Overview of the Problem

The challenge of dealing with zeros in log-linear models is common in empirical research, yet consensus on the best approach remains elusive. Typically, several strategies are employed:

Adding a Constant (The Popular Fix): Adding a small positive constant to the dependent variable allows for the logarithm to be calculated, though this can introduce bias.
Discarding Zeros: This approach can lead to selection bias unless specific conditions about the data generation process are met.
Poisson Models: While robust to zeros, these models rely on strict assumptions regarding the distribution of errors.
Inverse Hyperbolic Sine (IHS) Transformation: This alternative transformation accommodates zeros but may complicate elasticity interpretation.
Mixture Models: These address zero observations through sample selection models but are less commonly used due to complexity.

Iterated Ordinary Least Squares (iOLS)

To overcome these limitations, the paper proposes iOLS, a flexible and computationally efficient estimator. iOLS operates by iteratively adding an observation-specific positive value to the response variable before applying the log transformation. Crucially, iOLS nests standard methods such as the log-linear model and Poisson regression, adapting to various data structures. The key innovation in iOLS is the transformation of the dependent variable into a weighted average that mitigates the bias induced by zero observations.

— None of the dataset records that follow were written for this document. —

Section SmallestSingularValue.
Variables (R : realType) (n m : nat).
Implicit Type A : 'M[R]_(n, m).

Lemma eigenvalue_trmx_mul_ge0 A a : eigenvalue (A^T *m A) a -> 0 <= a.
Proof.
case/eigenvalueP => v vAA v0.
have : a * enorm v ^+ 2 = enorm (v *m A^T) ^+ 2.
  rewrite !enorm_sqr_mx trmx_mul trmxK !mulmxA -[v *m _ *m _]mulmxA vAA.
  by rewrite -scalemxAl [RHS]mxE.
have v_gt0 : 0 < enorm v ^+ 2 by rewrite exprn_gt0 // lt0r enorm_eq0 v0 enorm_ge0.
by move=> e; rewrite -(pmulr_lge0 _ v_gt0) e sqr_ge0.
Qed.

Lemma sigma_min_ge A s : 0 < s ->
  s <= sigma_min A <->
  (exists a, eigenvalue (A^T *m A) a) /\ forall a, eigenvalue (A^T *m A) a -> s ^+ 2 <= a.
Proof.
set E := [set a | eigenvalue (A^T *m A) a] => s0.
have E_lb : lbound E 0 by move=> a; apply: eigenvalue_trmx_mul_ge0.
split=> [s_le | [[a Ea] sE]].
  have [E0 | /set0P [a Ea]] := eqVneq E set0.
    by move: s_le; rewrite /sigma_min -/E E0 inf0 sqrtr0 leNgt s0.
  split=> [|b Eb]; first by exists a.
  have inf_ge0 : 0 <= inf E by apply: lb_le_inf E_lb; exists a.
  apply: le_trans (ge_inf (ex_intro _ 0 E_lb) Eb).
  by rewrite -(sqr_sqrtr inf_ge0) lerXn2r ?nnegrE ?(ltW s0).
have E_ne : E !=set0 by exists a.
by rewrite /sigma_min -/E -(ger0_norm (ltW s0)) -sqrtr_sqr ler_sqrt ?(lb_le_inf E_ne).
Qed.

End SmallestSingularValue.

(* The block [i0] only witnesses [k > 0]: without blocks there are no
   eigenvalues and [sigma_min] is [sqrt (inf set0) = 0]. *)
Lemma sigma_min_mxdiag_rect (R : realType) k (p q : 'I_k -> nat)
    (D : forall i, 'M[R]_(p i, q i)) (i0 : 'I_k) s :
  0 < s -> (forall i, s <= sigma_min (D i)) -> s <= sigma_min (mxdiag_rect D).
Proof.
move=> s0 sD; have eigD i := (sigma_min_ge (D i) s0).1 (sD i).
apply/sigma_min_ge; rewrite // trmx_mul_mxdiag_rect; split.
  by have [[a Ea] _] := eigD i0; exists a; apply/eigenvalue_mxdiag; exists i0.
by move=> a /eigenvalue_mxdiag [i]; apply: (eigD i).2.
Qed.

Section RowLinearMaps.
Variable R : realType.

Lemma normr_mulmx_le n p (v : 'rV[R]_n) (B : 'M[R]_(n, p)) :
  `|v *m B| <= n%:R * `|B| * `|v|.
Proof.
have coord_le q r (A : 'M[R]_(q, r)) i j : `|A i j| <= `|A|.
  by rewrite -[`|A|]/(mx_norm A) mx_normrE; apply/bigmax_geP; right; exists (i, j).
rewrite -[`|v *m B|]/(mx_norm (v *m B)) mx_normrE.
apply: bigmax_le => [|[i j] _ /=]; first by rewrite !mulr_ge0.
rewrite mxE (le_trans (ler_norm_sum _ _ _)) // -mulrA mulr_natl.
rewrite -[n in _ *+ n]card_ord -sumr_const; apply: ler_sum => l _.
by rewrite normrM mulrC ler_pM ?coord_le.
Qed.

Lemma continuous_mulmx n p (B : 'M[R]_(n, p)) :
  continuous (fun v : 'rV[R]_n => v *m B).
Proof.
apply: (@bounded_linear_continuous _ _ _ (mulmxr B)).
apply/linear_boundedP; near=> r => v /=.
apply: le_trans (normr_mulmx_le v B) (ler_wpM2r (normr_ge0 v) _).
by near: r; apply: nbhs_pinfty_ge; rewrite num_real.
Unshelve. all: by end_near. Qed.

Lemma continuous_linear_rV n p (L : {linear 'rV[R]_n -> 'rV[R]_p}) : continuous L.
Proof.
have -> : L = (fun v => v *m lin1_mx L) :> (_ -> _).
  by apply: funext => v; rewrite mul_rV_lin1.
exact: continuous_mulmx.
Qed.

Lemma diff_quadratic_remainder n p (f : 'rV[R]_n -> 'rV[R]_p) x
    (L : {linear 'rV[R]_n -> 'rV[R]_p}) C :
  (forall v, enorm (f (x + v) - f x - L v) <= C * enorm v ^+ 2) ->
  'd f x = L :> (_ -> _).
Proof.
move=> fL; apply: diff_unique; first exact: continuous_linear_rV.
apply/eqaddoP => e e0; set K := `|C| * n%:R.
have K1_gt0 : 0 < K + 1 by rewrite ltr_wpDl ?mulr_ge0.
near=> v.
have -> : (f \o shift x - (cst (f x) + L)) v = f (x + v) - f x - L v.
  by rewrite opprD addrA; congr (f _ - _ - _); apply: addrC.
apply: le_trans (normr_le_enorm _) (le_trans (fL v) _).
apply: (@le_trans _ _ (K * `|v| * `|v|)).
  rewrite -mulrA -expr2 /K -mulrA.
  apply: le_trans (ler_wpM2r (sqr_ge0 _) (real_ler_norm (num_real C))) _.
  exact/ler_wpM2l/enorm_sqr_le.
apply: ler_wpM2r => //; apply: (@le_trans _ _ (K * (e / (K + 1)))).
  apply: ler_wpM2l; first by rewrite mulr_ge0.
  by near: v; apply: (@nbhs0_le _ 'rV[R]_n); rewrite divr_gt0.
by rewrite mulrCA ger_pMr // ler_pdivrMr // mul1r lerDl.
Unshelve. all: by end_near. Qed.

End RowLinearMaps.

Lemma continuous_sum (K : numFieldType) (T : topologicalType)
    (V : normedModType K) (I : Type) (r : seq I) (f : I -> T -> V) :
  (forall i, continuous (f i)) -> continuous (fun x => \sum_(i <- r) f i x).
Proof.
move=> fc; rewrite -fct_sumE.
apply: (big_ind (fun g : T -> V => continuous g)) => //; first exact: cst_continuous.
by move=> g1 g2 g1c g2c x; exact: continuousD (g1c x) (g2c x).
Qed.

Lemma continuous_enorm (R : realType) n : continuous (@enorm R n).
Proof.
move=> x.
apply: (@continuous_comp _ _ _ (fun y : 'rV[R]_n => \sum_j y ord0 j ^+ 2)).
  apply: continuous_sum => j {}x.
  under eq_fun do rewrite expr2.
  by apply: continuousM; apply: coord_continuous.
exact: sqrt_continuous.
Qed.

Lemma continuous_submxrow (R : realType) k (p : 'I_k -> nat) i :
  continuous (fun x : 'rV[R]_(\sum_j p j) => submxrow x i).
Proof.
have -> : (fun x : 'rV[R]_(\sum_j p j) => submxrow x i) = mulmxr (submxrow 1%:M i).
  by apply: funext => x; rewrite /= mul_submxrow1.
exact: continuous_mulmx.
Qed.
(* Let $G$ be a graph and $u$ a vertex of $G$ such that the configuration $\overline{\mathbf{c}_u}$ is solvable. Then $\mathbf{p}(u)=0$ for every pattern $\mathbf{p}$ with $N(G)\mathbf{p}=\overline{\mathbf{c}_u}$.
   Context: For a finite simple graph $G$ with vertex set $\{v_1,\dots,v_n\}$, the closed adjacency matrix $N(G)$ is the $n\times n$ matrix over $\mathbb{Z}_2$ whose $(i,j)$ entry is $1$ iff $i=j$ or $v_i$ is adjacent to $v_j$. Vectors in $\mathbb{Z}_2^{V(G)}$ are patterns/configurations; a configuration $\mathbf{c}$ is solvable if $N(G)\mathbf{p}=\mathbf{c}$ for some pattern $\mathbf{p}$. $\mathbf{1}$ is the all-ones vector, $\mathbf{c}_u$ is the vector with $\mathbf{c}_u(v)=1$ iff $v=u$, and $\overline{\mathbf{c}_u}:=\mathbf{c}_u+\mathbf{1}$. *)

From mathcomp Require Import all_boot all_algebra.
Set Implicit Arguments. Unset Strict Implicit. Unset Printing Implicit Defensive.
Import GRing.Theory.
Local Open Scope ring_scope.

Definition simple_graph (n : nat) (e : rel 'I_n) : Prop :=
  symmetric e /\ irreflexive e.

Definition closed_adj (n : nat) (e : rel 'I_n) : 'M['F_2]_n :=
  \matrix_(i, j) (((i == j) || e i j)%B)%:R.

Definition cvec (n : nat) (u : 'I_n) : 'cV['F_2]_n :=
  \col_v ((v == u)%B)%:R.
Definition cbar (n : nat) (u : 'I_n) : 'cV['F_2]_n :=
  cvec u + const_mx 1.

Definition solvable (n : nat) (e : rel 'I_n) (c : 'cV['F_2]_n) : Prop :=
  exists p : 'cV['F_2]_n, closed_adj e *m p = c.

(** The quadratic form [p^T N p] of the closed adjacency matrix is computed in
    two ways.  Since [N] is symmetric with unit diagonal, over [F_2] the
    off-diagonal terms cancel in pairs and [p^T N p = p^T p = sum_i p_i].
    On the other hand [N p = c_u + 1] gives [p^T N p = p_u + sum_i p_i];
    hence [p_u = 0]. *)
From mathcomp Require Import all_boot all_algebra finfield.
Set Implicit Arguments. Unset Strict Implicit. Unset Printing Implicit Defensive.
Import GRing.Theory.
Local Open Scope ring_scope.

Lemma trmx11 (R : Type) (A : 'M[R]_1) : A^T = A.
Proof. by apply/matrixP => i j; rewrite mxE !ord1. Qed.

Section SymmetricQuadraticForm.

Variables (R : comNzRingType) (n : nat).
Hypothesis pcharR2 : 2 \in [pchar R].

Lemma addmx_pchar2 m k (M : 'M[R]_(m, k)) : M + M = 0.
Proof. by apply/matrixP => i j; rewrite !mxE addrr_pchar2. Qed.

Definition strict_upper_mx (A : 'M[R]_n) : 'M[R]_n :=
  \matrix_(i, j) (((i < j)%N)%:R * A i j).

Lemma symmetric_split_triangular (A : 'M[R]_n) : A^T = A ->
  A = diag_mx (\row_i A i i) + strict_upper_mx A + (strict_upper_mx A)^T.
Proof.
move=> symA; apply/matrixP => i j; rewrite !mxE.
case: ltngtP => [ij | ji | /val_inj ->]; rewrite ?ltnn ?eqxx ?mulr0 ?addr0 /=.
- by rewrite -val_eqE (ltn_eqF ij) mul0r addr0 mul1r add0r.
- rewrite -val_eqE (gtn_eqF ji) mul0r mul1r !add0r.
  by rewrite -[in LHS]symA mxE.
- by rewrite mul0r !addr0.
Qed.

Lemma quad_form_symmetric_pchar2 (A : 'M[R]_n) (x : 'cV[R]_n) : A^T = A ->
  x^T *m A *m x = x^T *m diag_mx (\row_i A i i) *m x.
Proof.
move=> symA; rewrite {1}(symmetric_split_triangular symA).
set U := strict_upper_mx _.
have transposed_term : x^T *m U^T *m x = x^T *m U *m x.
  by rewrite -[RHS]trmx11 !trmx_mul trmxK mulmxA.
by rewrite !mulmxDr !mulmxDl transposed_term -addrA addmx_pchar2 addr0.
Qed.

End SymmetricQuadraticForm.

Lemma mulF2_idem (x : 'F_2) : x * x = x.
Proof. by rewrite -expr2 -[RHS]expf_card card_Fp. Qed.

Lemma trmx_mul_self_F2 n (x : 'cV['F_2]_n) : x^T *m x = x^T *m const_mx 1.
Proof.
apply/matrixP => i j; rewrite !mxE; apply: eq_bigr => k _.
by rewrite !mxE mulr1 !ord1 mulF2_idem.
Qed.

Lemma trmx_mul_cvec n (x : 'cV['F_2]_n) (u : 'I_n) : x^T *m cvec u = (x u 0)%:M.
Proof.
rewrite [LHS]mx11_scalar mxE (bigD1 u) //= big1 => [|v /negbTE nvu].
  by rewrite !mxE eqxx mulr1 addr0.
by rewrite !mxE nvu mulr0.
Qed.

Lemma closed_adj_tr n (e : rel 'I_n) : symmetric e -> (closed_adj e)^T = closed_adj e.
Proof. by move=> esym; apply/matrixP => i j; rewrite !mxE eq_sym esym. Qed.

Lemma closed_adj_diag n (e : rel 'I_n) :
  diag_mx (\row_i closed_adj e i i) = 1%:M.
Proof.
rewrite -diag_const_mx; congr diag_mx.
by apply/matrixP => i j; rewrite !mxE eqxx.
Qed.

Theorem lemma2p1 (n : nat) (e : rel 'I_n) (u : 'I_n) :
  simple_graph e ->
  solvable e (cbar u) ->
  forall p : 'cV['F_2]_n, closed_adj e *m p = cbar u -> p u 0 = 0.
Proof.
move=> [esym _] _ p Np.
have := quad_form_symmetric_pchar2 (pchar_Fp (isT : prime 2)) p (closed_adj_tr esym).
rewrite closed_adj_diag mulmx1 trmx_mul_self_F2 -mulmxA Np mulmxDr.
rewrite trmx_mul_cvec -[X in _ = X]add0r => /addIr /matrixP /(_ 0 0).
by rewrite !mxE eqxx.
Qed.
(* Let $n\ge2$. Inside $\mathbb P(R_3)$, identified with the Plücker space of $\mathbb G(n-1,n+2)$ as in the context, the intersection $\mathrm{Split}_3(\mathbb P^n)\cap\mathbb G(n-1,n+2)$ contains the set $$\{\langle Z+2y_1+2y_2\rangle\cap\langle Z+2y_1+2y_3\rangle\cap\langle Z+2y_2+2y_3\rangle\ :\ Z\subset\Sigma\text{ a subscheme of length }n-2,\ y_1,y_2,y_3\in\Sigma\text{ pairwise distinct}\}.$$
   Context: $K$ is an algebraically closed field of characteristic $0$, $R=K[x_0,\dots,x_n]$, $R_3$ its degree-$3$ part, $\mathbb P(R_3)$ the projective space of cubic forms up to scalars; $\mathrm{Split}_3(\mathbb P^n)$ is the set of classes $[L_1L_2L_3]$ with $L_i\in R_1$. Let $z_0,\dots,z_{n+2}$ be coordinates on $\mathbb P^{n+2}$ and $\Sigma=\{[t_0^{n+2}:t_0^{n+1}t_1:\dots:t_1^{n+2}]\}$ the standard rational normal curve. $\mathbb G(n-1,n+2)$ is the Grassmannian of $(n-1)$-spaces of $\mathbb P^{n+2}$ with (dual) Plücker coordinates: if $\Lambda$ is cut out by independent equations $\sum_j u_{i,j}z_j=0$, $i=1,2,3$, its coordinates are the $3\times3$ minors $p_{i_1i_2i_3}=\det(u_{a,i_b})$. For $0\ne L=u_0x_0+\dots+u_nx_n$ let $\phi(L)$ be the $(n-1)$-space $u_0z_j+\dots+u_nz_{j+n}=0$, $j=0,1,2$; its Plücker coordinates form a basis of $K[u_0,\dots,u_n]_3$, giving a unique linear isomorphism $\mathbb P(R_3)\to\mathbb P^{\binom{n+3}{3}-1}$ with $[L^3]\mapsto$ Plücker point of $\phi(L)$; through it $\mathbb G(n-1,n+2)\subset\mathbb P(R_3)$. For a subscheme $W\subset\Sigma$, $\langle W\rangle$ is its linear span; $Z+2y_1+2y_2$ is the sum of divisors on $\Sigma\cong\mathbb P^1$. *)

From HB Require Import structures.
From mathcomp Require Import all_boot all_order all_algebra.
From mathcomp Require Import mpoly.
Set Implicit Arguments. Unset Strict Implicit. Unset Printing Implicit Defensive.
Import Order.TTheory GRing.Theory Num.Theory.
Local Open Scope ring_scope.

Section Defs.
Variable K : fieldType.

(* the two variables t0, t1 of binary forms on Sigma = P^1 *)
Definition t0 : 'I_2 := ord0.
Definition t1 : 'I_2 := ord_max.

Definition bdvd (f g : {mpoly K[2]}) : Prop := exists q : {mpoly K[2]}, g = q * f.

(* pullback to P^1 of the hyperplane sum_j u_j z_j = 0 of P^{n+2}
   along t |-> [t0^{n+2} : t0^{n+1} t1 : ... : t1^{n+2}] *)
Definition pullback (n : nat) (u : 'rV[K]_(n.+3)) : {mpoly K[2]} :=
  \sum_(j < n.+3) u 0 j *: ('X_t0 ^+ (n.+2 - j) * 'X_t1 ^+ j).

(* linear span <W> of the subscheme W of Sigma defined by the binary form f:
   the intersection of all hyperplanes containing W (scheme-theoretically),
   as a set of vectors z in K^{n+3} *)
Definition in_span (n : nat) (f : {mpoly K[2]}) (z : 'cV[K]_(n.+3)) : Prop :=
  forall u : 'rV[K]_(n.+3), bdvd f (pullback u) -> u *m z = 0.

(* binary linear form vanishing at the point y = [y.1 : y.2] of P^1 *)
Definition ptform (y : K * K) : {mpoly K[2]} := y.2 *: 'X_t0 - y.1 *: 'X_t1.

Definition pdistinct (y y' : K * K) : Prop := y.1 * y'.2 != y.2 * y'.1.

Definition linL (n : nat) (u : 'rV[K]_(n.+1)) : {mpoly K[n.+1]} :=
  \sum_(i < n.+1) u 0 i *: 'X_i.

(* equations of phi(L): u_0 z_j + ... + u_n z_{j+n} = 0, j = 0,1,2 *)
Definition phiMat (n : nat) (u : 'rV[K]_(n.+1)) : 'M[K]_(3, n.+3) :=
  \matrix_(j < 3, k < n.+3)
    (if (j <= k)%N && (k - j < n.+1)%N then u 0 (inord (k - j)) else 0).

(* Plücker coordinates, indexed by all triples (i1,i2,i3) (alternating) *)
Definition PlSpace (m : nat) := {ffun 'I_m * 'I_m * 'I_m -> K^o}.

Definition tsel (m : nat) (t : 'I_m * 'I_m * 'I_m) (b : 'I_3) : 'I_m :=
  match val b with 0 => t.1.1 | 1 => t.1.2 | _ => t.2 end.

Definition minors (m : nat) (U : 'M[K]_(3, m)) : PlSpace m :=
  [ffun t => \det (colsub (tsel t) U)].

The general algorithm for iOLS involves initializing the procedure with an estimator such as $\log(Y+1)$ , iterating least squares regression by updating the transformed dependent variable, and continually updating the parameter estimates until convergence.

Model Selection Procedure and Specification Tests

The paper emphasizes the necessity of model validation through the development of specification tests tailored to assess the fit and assumptions of different estimators concerning the occurrence of zeros. iOLS incorporates specification tests that evaluate the external validity of the models, enabling researchers to identify when Poisson or log-linear conditions (or other assumptions) are appropriate.

Additionally, the model selection process leverages these specification tests, allowing researchers to choose the hyper-parameter in iOLS that aligns closest with the observed data patterns. This model selection seeks to balance bias and variance, ensuring robust elasticity or semi-elasticity estimation in applied settings.

Applications and Simulations

The paper provides extensive simulations illustrating the performance of iOLS across different data-generating processes, comparing it with existing methods such as Poisson regression and the 'popular fix'. The simulations demonstrate the versatility of iOLS in delivering consistent estimates across various scenarios, particularly when facing challenges like heteroskedasticity and correlation between zeros and positive values.

Moreover, the paper showcases empirical applications in high-impact economic studies, highlighting the flexibility and practical advantages of using iOLS. These include handling zeros in datasets involving international trade volumes and regional development indicators—fields where zero observations are prevalent.

Conclusion

This contribution offers a comprehensive solution for the ongoing challenge of zeros in log-linear regression models. By introducing iOLS, a flexible estimator, and coupling it with an innovative model selection procedure, the authors provide the empirical toolkit necessary for robust econometric analysis in the presence of zero observations. The paper not only advances the theoretical understanding but also offers practical solutions with clear guidance for future research development in econometrics and applied fields.